So classes started this week- today was conservation bio/psych- we went over the history of the fields- I was shocked to see how far back our problems go considering conservation biology didn't get it's start until the 1980's.
"...what now remains compared with what then existed is like the skeleton of a sick man, all the fat and soft earth having wasted away, and only the bare framework of the land being left. But at that epoch the country was unimpaired, and for its mountains it had high arable hills, and in place of the “moorlands,” as they are now called, it contained plains full of rich soil; and it had much forestland in its mountains, of which there are visible signs even to this day; for there are some mountains which now have nothing but food for bees, but they had trees no very long time ago, and the rafters from those felled there to roof the largest buildings are still sound. And besides, there were many lofty trees of cultivated species; and it produced boundless pasturage for flocks.
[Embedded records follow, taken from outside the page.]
Lemma pd_mx_add_sym_delta n (K : 'M[R]_n) i j t : pd_mx K ->
  `|t| * (invmx K i i + invmx K j j) < 1 -> pd_mx (K + t *: sym_delta_mx i j).
Proof.
move=> pdK ht; split=> [|v v0].
  rewrite /symmetric_mx linearD linearZ /= linearD /= !trmx_delta pdK.1.
  by rewrite [delta_mx j i + _]addrC.
have bound k : v 0 k ^+ 2 <= (v *m K *m v^T) 0 0 * invmx K k k.
  have := pd_mx_cauchy_schwarz 'e_k v pdK; rewrite quad_form_unit.
  by have -> : (('e_k : 'rV[R]_n) *m v^T) 0 0 = v 0 k by rewrite -rowE !mxE.
have := bound i; have := bound j; have := pdK.2 v v0.
rewrite -!trace_mx11 /sym_delta_mx mulmxDr mulmxDl -scalemxAr -scalemxAl.
rewrite mulmxDr mulmxDl mxtraceD mxtraceZ mxtraceD !trace_mx11 !quad_form_delta.
set q := (v *m K *m v^T) 0 0; set x := v 0 i; set y := v 0 j.
move: ht; set si := invmx K i i; set sj := invmx K j j.
(* [2 |x y| <= x^2 + y^2 <= q (si + sj)] *)
have := sqr_ge0 (x + y); have := sqr_ge0 (x - y).
by case: (lerP 0 t) => t0; [rewrite ger0_norm | rewrite ltr0_norm] => //; nra.
Qed.

Lemma le0_of_le_mul_small (x C e : R) : 0 < e ->
  (forall t, 0 < t < e -> x <= t * C) -> x <= 0.
Proof.
move=> e_gt0 h; apply/ler_addgt0Pr => eps eps_gt0; rewrite add0r.
have C1_gt0 : 0 < `|C| + 1 by have := normr_ge0 C; lra.
pose t := Order.min (e / 2) (eps / (`|C| + 1)).
have t_gt0 : 0 < t by rewrite lt_min !divr_gt0.
have t_lt_e : t < e.
  by apply: le_lt_trans (_ : t <= e / 2) _; rewrite ?ge_min ?lexx //; lra.
have t_eps : t * (`|C| + 1) <= eps by rewrite -ler_pdivlMr // ge_min lexx orbT.
apply: le_trans (h t _) _; first by rewrite t_gt0.
by apply: le_trans t_eps; rewrite ler_wpM2l ?ltW //; have := ler_norm C; lra.
Qed.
Moreover, it was enriched by the yearly rains from Zeus, which were not lost to it, as now, by flowing from the bare land into the sea; but the soil it had was deep, and therein it received the water, storing it up in the retentive loamy soil and by drawing off into the hollows from the heights the water that was there absorbed, it provided all the various districts with abundant supplies of springwaters and streams, whereof the shrines which still remain even now, at the spots where the fountains formerly existed, are signs which testify that our present description of the land is true".
Plato, writing Critias 2,400 years ago, lamented the impact of deforestation and farming on the Greek island of Attica.